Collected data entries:

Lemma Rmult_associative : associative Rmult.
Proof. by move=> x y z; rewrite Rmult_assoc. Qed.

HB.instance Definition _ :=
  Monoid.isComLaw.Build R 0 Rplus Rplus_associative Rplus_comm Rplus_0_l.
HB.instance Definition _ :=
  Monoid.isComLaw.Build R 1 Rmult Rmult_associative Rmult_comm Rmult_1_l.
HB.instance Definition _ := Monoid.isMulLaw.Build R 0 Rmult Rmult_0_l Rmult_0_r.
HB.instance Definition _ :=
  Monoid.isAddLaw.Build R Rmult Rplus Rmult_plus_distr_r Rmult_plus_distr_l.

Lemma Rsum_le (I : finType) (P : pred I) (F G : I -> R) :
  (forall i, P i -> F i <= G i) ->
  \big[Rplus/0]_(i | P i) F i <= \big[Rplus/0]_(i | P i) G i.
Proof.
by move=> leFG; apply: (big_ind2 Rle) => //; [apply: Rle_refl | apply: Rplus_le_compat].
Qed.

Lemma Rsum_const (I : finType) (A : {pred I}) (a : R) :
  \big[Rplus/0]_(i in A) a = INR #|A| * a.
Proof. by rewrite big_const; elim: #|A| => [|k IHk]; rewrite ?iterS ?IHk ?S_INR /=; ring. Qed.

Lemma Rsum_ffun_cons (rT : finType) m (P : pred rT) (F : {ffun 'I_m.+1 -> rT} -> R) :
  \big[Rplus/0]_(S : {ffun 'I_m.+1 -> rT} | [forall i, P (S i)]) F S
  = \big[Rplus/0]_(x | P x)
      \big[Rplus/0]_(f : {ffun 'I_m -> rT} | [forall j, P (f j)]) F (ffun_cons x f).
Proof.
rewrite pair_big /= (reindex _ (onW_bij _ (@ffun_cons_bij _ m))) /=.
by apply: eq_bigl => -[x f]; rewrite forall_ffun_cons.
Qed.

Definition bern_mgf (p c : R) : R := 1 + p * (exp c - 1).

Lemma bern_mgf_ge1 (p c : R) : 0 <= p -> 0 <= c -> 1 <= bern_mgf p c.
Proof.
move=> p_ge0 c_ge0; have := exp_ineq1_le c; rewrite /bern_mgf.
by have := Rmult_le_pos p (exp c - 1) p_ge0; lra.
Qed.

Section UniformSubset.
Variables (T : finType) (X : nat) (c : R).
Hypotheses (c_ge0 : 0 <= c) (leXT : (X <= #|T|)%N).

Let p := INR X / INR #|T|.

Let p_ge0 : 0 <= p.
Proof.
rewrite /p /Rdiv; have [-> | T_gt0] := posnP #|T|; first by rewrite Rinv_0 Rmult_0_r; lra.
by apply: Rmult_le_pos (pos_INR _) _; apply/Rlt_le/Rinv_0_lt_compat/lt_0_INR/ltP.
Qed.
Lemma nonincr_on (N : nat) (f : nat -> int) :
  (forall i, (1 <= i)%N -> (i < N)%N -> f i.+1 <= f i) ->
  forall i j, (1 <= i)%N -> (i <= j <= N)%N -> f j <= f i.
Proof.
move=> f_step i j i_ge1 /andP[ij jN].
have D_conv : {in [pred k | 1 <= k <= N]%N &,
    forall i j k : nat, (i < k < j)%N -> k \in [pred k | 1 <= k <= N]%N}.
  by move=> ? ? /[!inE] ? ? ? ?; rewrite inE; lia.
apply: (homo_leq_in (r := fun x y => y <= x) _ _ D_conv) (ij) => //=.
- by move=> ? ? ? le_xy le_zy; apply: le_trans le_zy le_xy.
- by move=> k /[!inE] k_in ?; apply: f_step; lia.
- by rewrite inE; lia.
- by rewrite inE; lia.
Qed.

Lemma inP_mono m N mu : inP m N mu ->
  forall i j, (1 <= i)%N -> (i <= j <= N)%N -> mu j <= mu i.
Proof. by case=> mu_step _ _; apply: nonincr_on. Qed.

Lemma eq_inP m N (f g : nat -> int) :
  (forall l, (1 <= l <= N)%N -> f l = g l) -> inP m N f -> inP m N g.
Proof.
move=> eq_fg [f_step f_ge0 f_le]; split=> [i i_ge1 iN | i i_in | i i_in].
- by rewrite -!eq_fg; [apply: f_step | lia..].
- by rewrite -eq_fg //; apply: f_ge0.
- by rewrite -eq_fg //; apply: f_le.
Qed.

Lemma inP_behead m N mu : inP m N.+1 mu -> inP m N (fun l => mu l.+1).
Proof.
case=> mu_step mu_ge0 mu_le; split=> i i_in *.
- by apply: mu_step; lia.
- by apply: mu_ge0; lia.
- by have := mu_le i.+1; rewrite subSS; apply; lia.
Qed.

...

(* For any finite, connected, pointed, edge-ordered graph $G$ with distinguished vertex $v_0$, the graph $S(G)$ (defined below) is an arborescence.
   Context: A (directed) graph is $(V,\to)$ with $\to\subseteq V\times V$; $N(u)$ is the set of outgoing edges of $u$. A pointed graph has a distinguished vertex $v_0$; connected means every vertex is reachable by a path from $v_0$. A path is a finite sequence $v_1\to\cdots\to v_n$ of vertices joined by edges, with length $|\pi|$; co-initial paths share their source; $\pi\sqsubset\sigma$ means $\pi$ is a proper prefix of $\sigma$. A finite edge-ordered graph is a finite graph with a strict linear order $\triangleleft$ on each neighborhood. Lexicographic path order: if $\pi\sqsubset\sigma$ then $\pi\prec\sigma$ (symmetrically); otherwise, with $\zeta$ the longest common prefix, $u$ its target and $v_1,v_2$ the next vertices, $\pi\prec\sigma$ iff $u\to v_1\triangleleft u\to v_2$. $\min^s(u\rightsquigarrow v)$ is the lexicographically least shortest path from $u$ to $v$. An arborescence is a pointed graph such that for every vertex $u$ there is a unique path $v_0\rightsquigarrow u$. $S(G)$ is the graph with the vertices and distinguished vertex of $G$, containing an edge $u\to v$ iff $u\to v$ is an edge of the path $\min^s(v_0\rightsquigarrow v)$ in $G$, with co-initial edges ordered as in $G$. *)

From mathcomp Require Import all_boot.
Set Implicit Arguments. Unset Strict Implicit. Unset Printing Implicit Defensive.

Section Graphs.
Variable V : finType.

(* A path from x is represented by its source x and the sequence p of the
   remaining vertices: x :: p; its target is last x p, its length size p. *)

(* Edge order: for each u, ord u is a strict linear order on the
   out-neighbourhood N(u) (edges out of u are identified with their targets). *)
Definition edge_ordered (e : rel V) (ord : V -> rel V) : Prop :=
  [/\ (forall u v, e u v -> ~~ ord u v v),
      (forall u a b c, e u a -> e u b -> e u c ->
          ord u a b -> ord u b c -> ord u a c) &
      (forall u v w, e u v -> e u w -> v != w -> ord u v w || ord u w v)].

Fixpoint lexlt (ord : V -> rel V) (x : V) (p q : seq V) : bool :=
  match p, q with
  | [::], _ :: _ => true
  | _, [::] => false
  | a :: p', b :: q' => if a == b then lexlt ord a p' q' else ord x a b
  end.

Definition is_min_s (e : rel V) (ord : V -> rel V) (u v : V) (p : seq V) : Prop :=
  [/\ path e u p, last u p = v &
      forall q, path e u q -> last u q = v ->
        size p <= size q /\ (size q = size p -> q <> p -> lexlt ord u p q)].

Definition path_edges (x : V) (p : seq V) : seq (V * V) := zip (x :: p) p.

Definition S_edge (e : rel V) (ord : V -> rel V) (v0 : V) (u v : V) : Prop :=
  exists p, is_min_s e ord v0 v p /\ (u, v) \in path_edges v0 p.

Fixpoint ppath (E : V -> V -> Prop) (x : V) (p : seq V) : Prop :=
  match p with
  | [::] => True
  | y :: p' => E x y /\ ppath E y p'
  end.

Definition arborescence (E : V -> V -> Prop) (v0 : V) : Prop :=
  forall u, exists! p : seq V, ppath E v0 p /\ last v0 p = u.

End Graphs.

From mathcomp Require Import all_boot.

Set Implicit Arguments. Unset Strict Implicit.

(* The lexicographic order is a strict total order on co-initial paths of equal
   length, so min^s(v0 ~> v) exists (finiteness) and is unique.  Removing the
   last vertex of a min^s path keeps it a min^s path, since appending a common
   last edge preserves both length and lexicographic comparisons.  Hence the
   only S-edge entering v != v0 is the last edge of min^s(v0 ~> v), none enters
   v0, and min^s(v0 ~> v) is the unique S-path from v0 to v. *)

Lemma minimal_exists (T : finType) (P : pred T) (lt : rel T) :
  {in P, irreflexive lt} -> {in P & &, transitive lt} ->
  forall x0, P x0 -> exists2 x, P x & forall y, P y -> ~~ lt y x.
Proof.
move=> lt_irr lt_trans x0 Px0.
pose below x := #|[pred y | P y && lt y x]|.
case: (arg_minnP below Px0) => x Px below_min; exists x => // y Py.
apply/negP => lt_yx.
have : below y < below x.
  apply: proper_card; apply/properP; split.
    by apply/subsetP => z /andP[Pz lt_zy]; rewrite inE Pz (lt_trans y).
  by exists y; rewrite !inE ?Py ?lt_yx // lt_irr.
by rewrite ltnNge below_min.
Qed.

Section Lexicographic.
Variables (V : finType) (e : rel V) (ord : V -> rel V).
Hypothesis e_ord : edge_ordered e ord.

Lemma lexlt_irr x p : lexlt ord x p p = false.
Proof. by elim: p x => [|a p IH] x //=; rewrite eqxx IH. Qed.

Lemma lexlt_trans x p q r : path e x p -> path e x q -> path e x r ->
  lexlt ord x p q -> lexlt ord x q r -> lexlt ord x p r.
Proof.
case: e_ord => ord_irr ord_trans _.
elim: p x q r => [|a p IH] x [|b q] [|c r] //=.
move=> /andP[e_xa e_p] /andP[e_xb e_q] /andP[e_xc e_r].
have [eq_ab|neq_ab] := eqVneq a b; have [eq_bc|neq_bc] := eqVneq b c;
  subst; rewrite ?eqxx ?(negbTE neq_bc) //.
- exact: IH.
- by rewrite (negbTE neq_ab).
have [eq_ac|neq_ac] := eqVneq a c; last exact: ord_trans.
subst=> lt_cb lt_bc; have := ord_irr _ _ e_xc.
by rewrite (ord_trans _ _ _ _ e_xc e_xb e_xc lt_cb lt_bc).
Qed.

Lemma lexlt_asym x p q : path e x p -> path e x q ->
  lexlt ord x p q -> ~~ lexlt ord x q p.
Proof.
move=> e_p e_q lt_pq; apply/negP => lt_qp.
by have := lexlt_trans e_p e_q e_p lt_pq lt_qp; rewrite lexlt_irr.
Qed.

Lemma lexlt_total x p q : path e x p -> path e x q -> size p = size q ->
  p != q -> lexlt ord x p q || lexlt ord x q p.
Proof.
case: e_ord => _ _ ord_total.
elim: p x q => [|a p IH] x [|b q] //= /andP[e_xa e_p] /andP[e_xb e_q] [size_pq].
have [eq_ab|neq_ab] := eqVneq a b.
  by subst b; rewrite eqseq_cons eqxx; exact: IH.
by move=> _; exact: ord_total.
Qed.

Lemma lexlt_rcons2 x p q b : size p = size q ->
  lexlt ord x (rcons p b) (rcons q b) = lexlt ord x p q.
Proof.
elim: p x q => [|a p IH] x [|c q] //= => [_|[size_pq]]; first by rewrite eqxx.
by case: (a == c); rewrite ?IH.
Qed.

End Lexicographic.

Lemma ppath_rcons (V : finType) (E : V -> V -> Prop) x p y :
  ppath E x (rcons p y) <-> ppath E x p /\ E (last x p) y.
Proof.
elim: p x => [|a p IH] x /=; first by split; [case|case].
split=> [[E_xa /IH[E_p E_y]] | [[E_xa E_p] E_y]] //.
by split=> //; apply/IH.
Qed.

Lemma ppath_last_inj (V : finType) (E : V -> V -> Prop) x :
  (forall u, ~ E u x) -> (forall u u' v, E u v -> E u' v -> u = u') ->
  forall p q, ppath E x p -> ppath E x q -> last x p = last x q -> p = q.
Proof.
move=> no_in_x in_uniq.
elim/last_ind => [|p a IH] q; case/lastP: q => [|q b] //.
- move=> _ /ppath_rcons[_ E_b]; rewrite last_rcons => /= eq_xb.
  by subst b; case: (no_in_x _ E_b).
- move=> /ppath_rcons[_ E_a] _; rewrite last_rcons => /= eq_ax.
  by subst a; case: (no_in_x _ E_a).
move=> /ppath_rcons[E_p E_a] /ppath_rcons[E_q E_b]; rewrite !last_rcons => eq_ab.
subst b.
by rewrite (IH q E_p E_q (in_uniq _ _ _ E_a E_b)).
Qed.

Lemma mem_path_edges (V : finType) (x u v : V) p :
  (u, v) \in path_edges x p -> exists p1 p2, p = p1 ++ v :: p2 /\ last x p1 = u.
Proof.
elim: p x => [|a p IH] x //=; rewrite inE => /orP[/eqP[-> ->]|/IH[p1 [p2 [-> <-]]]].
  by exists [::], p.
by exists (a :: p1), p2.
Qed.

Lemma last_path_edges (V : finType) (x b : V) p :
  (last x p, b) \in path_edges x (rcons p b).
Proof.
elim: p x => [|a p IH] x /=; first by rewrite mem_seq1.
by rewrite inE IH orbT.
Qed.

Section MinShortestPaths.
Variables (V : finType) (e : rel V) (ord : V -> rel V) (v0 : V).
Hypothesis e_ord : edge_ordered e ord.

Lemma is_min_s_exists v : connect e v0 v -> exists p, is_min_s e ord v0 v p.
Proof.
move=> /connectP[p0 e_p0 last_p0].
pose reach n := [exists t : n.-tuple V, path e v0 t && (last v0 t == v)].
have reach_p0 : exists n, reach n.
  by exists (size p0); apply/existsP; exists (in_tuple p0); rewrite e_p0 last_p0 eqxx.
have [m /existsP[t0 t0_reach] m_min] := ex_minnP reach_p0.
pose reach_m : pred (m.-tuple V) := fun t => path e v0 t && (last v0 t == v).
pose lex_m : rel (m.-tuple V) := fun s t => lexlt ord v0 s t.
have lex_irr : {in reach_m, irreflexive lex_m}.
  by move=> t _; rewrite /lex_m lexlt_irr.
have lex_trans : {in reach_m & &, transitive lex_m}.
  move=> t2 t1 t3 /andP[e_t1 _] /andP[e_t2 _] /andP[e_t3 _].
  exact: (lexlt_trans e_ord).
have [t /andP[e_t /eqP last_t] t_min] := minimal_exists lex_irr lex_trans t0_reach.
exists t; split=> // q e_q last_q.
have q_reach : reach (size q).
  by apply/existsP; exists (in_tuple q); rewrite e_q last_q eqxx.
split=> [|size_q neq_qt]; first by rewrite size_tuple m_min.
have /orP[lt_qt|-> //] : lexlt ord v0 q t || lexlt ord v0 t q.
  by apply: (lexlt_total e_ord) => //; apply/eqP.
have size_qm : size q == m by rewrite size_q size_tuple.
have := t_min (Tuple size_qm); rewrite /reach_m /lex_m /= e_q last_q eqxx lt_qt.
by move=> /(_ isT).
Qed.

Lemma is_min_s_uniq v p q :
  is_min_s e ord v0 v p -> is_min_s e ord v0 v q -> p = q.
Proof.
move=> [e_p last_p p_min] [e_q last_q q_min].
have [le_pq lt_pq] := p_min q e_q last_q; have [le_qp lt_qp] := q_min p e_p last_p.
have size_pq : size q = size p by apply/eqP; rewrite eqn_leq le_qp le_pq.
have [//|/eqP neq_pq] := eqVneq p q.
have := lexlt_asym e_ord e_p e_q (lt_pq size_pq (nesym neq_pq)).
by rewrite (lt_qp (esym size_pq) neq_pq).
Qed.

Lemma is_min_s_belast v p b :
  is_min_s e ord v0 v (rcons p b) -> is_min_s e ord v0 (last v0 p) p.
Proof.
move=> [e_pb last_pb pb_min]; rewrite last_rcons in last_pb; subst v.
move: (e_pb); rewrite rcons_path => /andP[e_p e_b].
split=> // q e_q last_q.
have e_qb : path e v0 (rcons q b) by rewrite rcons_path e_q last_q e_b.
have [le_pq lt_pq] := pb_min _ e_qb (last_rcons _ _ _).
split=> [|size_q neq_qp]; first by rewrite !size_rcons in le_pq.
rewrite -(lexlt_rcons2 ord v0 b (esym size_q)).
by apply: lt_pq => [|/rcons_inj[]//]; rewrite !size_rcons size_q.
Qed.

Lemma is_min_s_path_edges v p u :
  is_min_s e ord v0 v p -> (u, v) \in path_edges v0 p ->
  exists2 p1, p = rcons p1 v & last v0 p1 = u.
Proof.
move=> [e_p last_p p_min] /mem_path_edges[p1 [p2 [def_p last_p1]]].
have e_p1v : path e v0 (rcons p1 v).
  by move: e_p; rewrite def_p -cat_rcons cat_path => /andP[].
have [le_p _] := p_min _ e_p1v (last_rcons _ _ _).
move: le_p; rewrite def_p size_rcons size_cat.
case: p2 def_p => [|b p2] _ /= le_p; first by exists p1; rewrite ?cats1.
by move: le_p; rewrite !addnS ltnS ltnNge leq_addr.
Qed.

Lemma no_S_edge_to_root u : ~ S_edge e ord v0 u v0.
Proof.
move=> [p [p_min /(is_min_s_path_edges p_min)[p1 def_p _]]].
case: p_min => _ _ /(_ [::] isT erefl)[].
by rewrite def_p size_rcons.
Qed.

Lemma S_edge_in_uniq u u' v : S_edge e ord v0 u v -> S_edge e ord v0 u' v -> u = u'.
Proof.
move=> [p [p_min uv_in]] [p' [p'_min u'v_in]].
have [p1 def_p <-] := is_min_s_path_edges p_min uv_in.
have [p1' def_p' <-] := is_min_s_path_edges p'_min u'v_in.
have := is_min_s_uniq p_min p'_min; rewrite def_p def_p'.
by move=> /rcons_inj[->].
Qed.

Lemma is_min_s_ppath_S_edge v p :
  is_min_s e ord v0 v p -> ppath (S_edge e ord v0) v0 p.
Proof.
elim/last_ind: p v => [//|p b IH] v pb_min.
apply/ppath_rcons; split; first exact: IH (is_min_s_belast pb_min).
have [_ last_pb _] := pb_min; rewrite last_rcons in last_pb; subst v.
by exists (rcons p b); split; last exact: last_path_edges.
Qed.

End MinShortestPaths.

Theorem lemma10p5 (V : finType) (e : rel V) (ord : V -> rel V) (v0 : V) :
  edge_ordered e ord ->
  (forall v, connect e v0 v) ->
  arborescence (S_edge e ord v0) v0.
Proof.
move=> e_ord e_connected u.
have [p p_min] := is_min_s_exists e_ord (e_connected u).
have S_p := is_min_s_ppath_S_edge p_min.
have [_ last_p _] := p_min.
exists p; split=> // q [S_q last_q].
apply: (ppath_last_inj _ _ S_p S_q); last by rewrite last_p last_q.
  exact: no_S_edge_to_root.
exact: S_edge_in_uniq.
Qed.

Your assignment: Copy out only the lines of the records above from the one with "(forall u v w, e" through the one with "exists p, is_min_s e ord v0 v p /\", exactly as they stand, both included.

Exercise response:
      (forall u v w, e u v -> e u w -> v != w -> ord u v w || ord u w v)].

Fixpoint lexlt (ord : V -> rel V) (x : V) (p q : seq V) : bool :=
  match p, q with
  | [::], _ :: _ => true
  | _, [::] => false
  | a :: p', b :: q' => if a == b then lexlt ord a p' q' else ord x a b
  end.

Definition is_min_s (e : rel V) (ord : V -> rel V) (u v : V) (p : seq V) : Prop :=
  [/\ path e u p, last u p = v &
      forall q, path e u q -> last u q = v ->
        size p <= size q /\ (size q = size p -> q <> p -> lexlt ord u p q)].

Definition path_edges (x : V) (p : seq V) : seq (V * V) := zip (x :: p) p.

Definition S_edge (e : rel V) (ord : V -> rel V) (v0 : V) (u v : V) : Prop :=
  exists p, is_min_s e ord v0 v p /\ (u, v) \in path_edges v0 p.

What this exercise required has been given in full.